Notwithstanding, study after study has shown the exceedingly inadequate quantity and quality of food served in our nation's old-age institutions. Indeed, food deprivation, including hunger and malnutrition, has proven to be one of the major nursing home violations found by state regulators across the country (U.S. Senate Special Committee on Aging, 1997). Moreover, government regulations only require a minimum level of calories and nutrients and not appetizing fare. Food tends to be uninviting, tasteless, without texture, watery, overcooked, and occasionally inedible. Hot meals and coffee often are served cold. There are only limited, if any, menu choices. Food generally is not available between meals, except for scheduled snacks. Refrigerators are conspicuously absent in patient rooms, and any treats brought in by relatives and friends are subject to theft. At the same time, residents are herded and shoved to meals by overwhelmed aides. Breakfast, lunch, and dinner can consume a large portion of the day because of long, tedious waiting times, sometimes lasting for hours.
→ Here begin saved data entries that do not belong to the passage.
(* Let $n,d\ge1$, let $\sigma$ be a reflection of $\mathbb{Z}_n^d$ (with specified half-spaces $H^+,H^-$), and let $X$ be a lazy simple random walk on $\mathbb{Z}_n^d$. Then for all $t\ge1$, all $b\in\mathbb{Z}_n^d$ and all sets $D_1,\dots,D_t\subseteq\mathbb{Z}_n^d$, \[ \mathbb{P}\big(X_1\in D_1,\dots,X_t\in D_t\,\big|\,X_0\in\{b\}\big)\le\mathbb{P}\big(X_1\in D_1^\sigma,\dots,X_t\in D_t^\sigma\,\big|\,X_0\in\{b\}^\sigma\big). \]
   Context: $\mathbb{Z}_n^d$ is equipped with the graph distance of the torus (nearest-neighbour graph). A reflection of a metric space $(M,d)$ is an isometry $\sigma:M\to M$ together with a decomposition $M=H^0\sqcup H^+\sqcup H^-$ such that $\sigma^2x=x$ for all $x$, $H^0$ is the set of fixed points of $\sigma$, $\sigma H^+=H^-$, and $d(x,y)<d(x,\sigma y)$ for all $x,y\in H^+$. The two-point rearrangement of a set $A\subseteq M$ is $A^\sigma$ defined by $A^\sigma\cap H^+=(A\cup\sigma A)\cap H^+$, $A^\sigma\cap H^-=(A\cap\sigma A)\cap H^-$, $A^\sigma\cap H^0=A\cap H^0$ (note $\{b\}^\sigma$ is again a singleton). The lazy simple random walk on $\mathbb{Z}_n^d$ stays put with probability $1/2$ and otherwise moves from $x$ to $x\pm e_i$ ($i=1,\dots,d$), each with probability $1/(4d)$. *)

From HB Require Import structures.
From mathcomp Require Import all_boot all_order all_algebra.
Set Implicit Arguments. Unset Strict Implicit. Unset Printing Implicit Defensive.
Import Order.TTheory GRing.Theory Num.Theory.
In Nobody's Home, Gass reinforces these observations: At times, residents at his institution are truly hungry. Some don't want to eat at prescribed times or lack an appetite entirely. Others dislike the fare and can find themselves force-fed. A few even forget what food is. A number of his charges can't eat because they have no teeth or are missing their dental bridges. Gass also relates how a resident threw his food on the floor, not out of anger, helplessness, or frustration, but simply for fun: Nursing home inhabitants, who experience few meaningful activities, often are bored.

Negotiating the Role of Families
Both of the books reviewed in this essay discuss the role of family members, although Stafford and his authors place greater emphasis on this aspect of institutional care. Graham D. Rowles and Dallas M. High, in their study of four nursing homes, contend that the institutional culture of each facility, defined by multiple layers of concrete choices, determines each resident's daily existence and quality of life. They state that families have a high level of involvement in decision making and that such participation personalizes and humanizes the life of a resident.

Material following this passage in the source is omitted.